From her early years in Indian cinema to her humanitarian mission and recent filmmaking ventures, Somy Ali has remained rooted in courage, advocacy, and purposeful storytelling. Her work reflects a steadfast commitment to amplifying survivor voices and driving real change.
Catch my full conversation with Somy Ali:
Our Exclusive Chat With Somy Ali
Mehak Kapoor: You had a notable career in Bollywood, with films such as Anth, Aao Pyaar Karen, Andolan, Mafia, and Chup. Looking back, what were some of your most memorable experiences on set, and how did these roles shape you personally and professionally?
Somy Ali: I would have to answer this extensive question with the advent of Dharamji (Legendary Late Indian Actor, Dharmendra) entering my life within two months of my being in Mumbai. A model coordinator sent him my pictures from Far Productions Agency to be considered as a lead opposite Bobby in his debut film at the time, called Barsaat or Jaan. I can’t recall the exact title now. Dharam ji invited me over for lunch to his bungalow, and within a span of two hours, I gained the father I wish I had.
Despite my decision not to do the film, as I knew I could not do justice to Bobby nor to Dharamji as a launch pad for his son, he remained in my life as a father figure. Each time we bumped into each other at various film studios, I made it a point to go meet him and touch his feet. Being in his presence gave me immense peace. This is why his passing has impacted me so deeply. It was Dharam ji who said I had the most innocent face and the most beautiful smile, and that I reminded him of Parveen and Zeenat. Hearing those words from a legend, and a man with nothing but love to give, was an honour.
Then came my time working in an actual film with him titled Mafia. I played a police officer and was always on the side of the vigilante played by Dharamji.

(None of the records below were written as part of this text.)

Definition stack := V -> nat.
Definition state := (stack * heap)%type.
Definition upd (s : stack) (x : V) (v : nat) : stack :=
  fun y => if y == x then v else s y.

Definition aexp := stack -> nat.
Definition bexp := stack -> bool.
Definition pexp := {p : stack -> rat | forall s, (0 <= p s <= 1)%R}.
Definition pval (p : pexp) (s : stack) : rat := proj1_sig p s.

Inductive prog : Type :=
| Tick of aexp
| Assign of V & aexp
| Alloc of V & aexp
| Store of aexp & aexp                 (* <e> := e' *)
| Lookup of V & aexp                     (* x := <e> *)
| Free of aexp
| PChoice of prog & pexp & prog        (* {C1}[p]{C2} *)
| Ite of bexp & prog & prog
| Seq of prog & prog
| While of bexp & prog.

Fixpoint modv (C : prog) : pred V :=
  match C with
  | Assign x _ | Alloc x _ | Lookup x _ => pred1 x
  | Tick _ | Store _ _ | Free _ => pred0
  | PChoice C1 _ C2 | Ite _ C1 C2 | Seq C1 C2 => predU (modv C1) (modv C2)
  | While _ C1 => modv C1
  end.

(* Extended-real valued functions on states; runtimes T are the
   nonnegative ones, A_pi those bounded below by -pi. *)
Definition fn := state -> \bar R.
Definition leF (f g : fn) : Prop := forall st, f st <= g st.
Definition isRuntime (f : fn) : Prop := forall st, 0 <= f st.

(* x does not occur in g (semantic). *)
Definition notin_vars (x : V) (g : fn) : Prop :=
  forall s h v, g (upd s x v, h) = g (s, h).

Definition tsub (a b : \bar R) : \bar R :=
  if b == +oo then 0 else if a == +oo then +oo else maxe (a - b) 0.

Definition sepsum (f g : fn) : fn := fun st =>
  ereal_inf [set z | exists h1 h2 : heap,
     [/\ hdisj h1 h2, st.2 = hunion h1 h2 & z = f (st.1, h1) + g (st.1, h2)]].

Definition sepimp (f g : fn) : fn := fun st =>
  ereal_sup [set tsub (g (st.1, hunion st.2 h')) (f (st.1, h')) |
             h' in [set h' : heap | hdisj h' st.2]].

Definition infv (y : V) (f : fn) : fn := fun st =>
  ereal_inf [set f (upd st.1 y v, st.2) | v in [set: nat]].
Definition supv (y : V) (f : fn) : fn := fun st =>
  ereal_sup [set f (upd st.1 y v, st.2) | v in [set: nat]].
Definition subst (f : fn) (x : V) (e : aexp) : fn := fun st =>
  f (upd st.1 x (e st.1), st.2).

Definition tm (e : aexp) : fn := fun st =>
  if st.2 == hemp then ((e st.1)%:R)%:E else +oo.
Definition emp : fn := fun st => if st.2 == hemp then 0 else +oo.

Definition ptv (l w : nat) : fn := fun st =>
  match insub l with
  | Some k => if (domf st.2 == [fset k]%fset) && (st.2.[? k]%fmap == Some w)
              then 0 else +oo
  | None => +oo
  end.
Definition ptany (l : nat) : fn := fun st =>
  match insub l with
  | Some k => if domf st.2 == [fset k]%fset then 0 else +oo
  | None => +oo
  end.
Definition pt (e e' : aexp) : fn := fun st => ptv (e st.1) (e' st.1) st.
Definition pt_ (e : aexp) : fn := fun st => ptany (e st.1) st.

Fixpoint bigsep (n : nat) (F : nat -> fn) : fn :=
  match n with
  | 0 => emp
  | n'.+1 => sepsum (bigsep n' F) (F n'.+1)
  end.

(* least fixed point of phi within the sublattice L of (fn, pointwise <=),
   via Knaster--Tarski: pointwise infimum of the prefixed points in L. *)
Definition lfp_in (L : fn -> Prop) (phi : fn -> fn) : fn := fun st =>
  ereal_inf [set Y st | Y in [set Y | L Y /\ leF (phi Y) Y]].

Definition iver (b : bexp) (A B : fn) : fn := fun st =>
  if b st.1 then A st else B st.

Definition pmix (p : pexp) (A B : fn) : fn := fun st =>
  (ratr (pval p st.1))%:E * A st + (ratr (1 - pval p st.1))%:E * B st.

Fixpoint ert (C : prog) (f : fn) : fn :=
  match C with
  | Tick e => sepsum (tm e) f
  | Assign x e => subst f x e
  | Alloc x e => fun st =>
      ereal_sup [set sepimp (bigsep (e st.1) (fun i st' => ptv (v + i - 1) 0 st'))
                            (fun st' => f (upd st'.1 x v, st'.2)) st
                | v in [set: nat]]
  | Store e e' => sepsum (pt_ e) (sepimp (pt e e') f)
  | Lookup x e => fun st =>
      ereal_inf [set sepsum (fun st' => ptv (e st'.1) v st')
                            (sepimp (fun st' => ptv (e st'.1) v st')
                                    (fun st' => f (upd st'.1 x v, st'.2))) st
                | v in [set: nat]]
  | Free e => sepsum (pt_ e) f
  | PChoice C1 p C2 => pmix p (ert C1 f) (ert C2 f)
  | Ite b C1 C2 => iver b (ert C1 f) (ert C2 f)
  | Seq C1 C2 => ert C1 (ert C2 f)
  | While b C1 => lfp_in isRuntime (fun g => iver b (ert C1 g) f)
  end.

We had loads of fun, and throughout the year of making that movie, he shared an intense amount of life lessons and wisdom with me. I will always love and miss him. He was not just my father figure, but the most genuinely good human being in that entire industry.
Anth was all fun and games, but it was the pink sari song choreographed by Saroj ji that led to my signing ten more films. Suniel and I already knew each other from Mr Roshan Taneja’s acting school. What I loved most about that film was not being excluded from the action sequences during the climax, thanks to the wonderful producer Ashok Honda. Not too long ago, Suniel told me his son is going to be launched in Anth 2, and I was shaken by the realisation of how quickly time flies.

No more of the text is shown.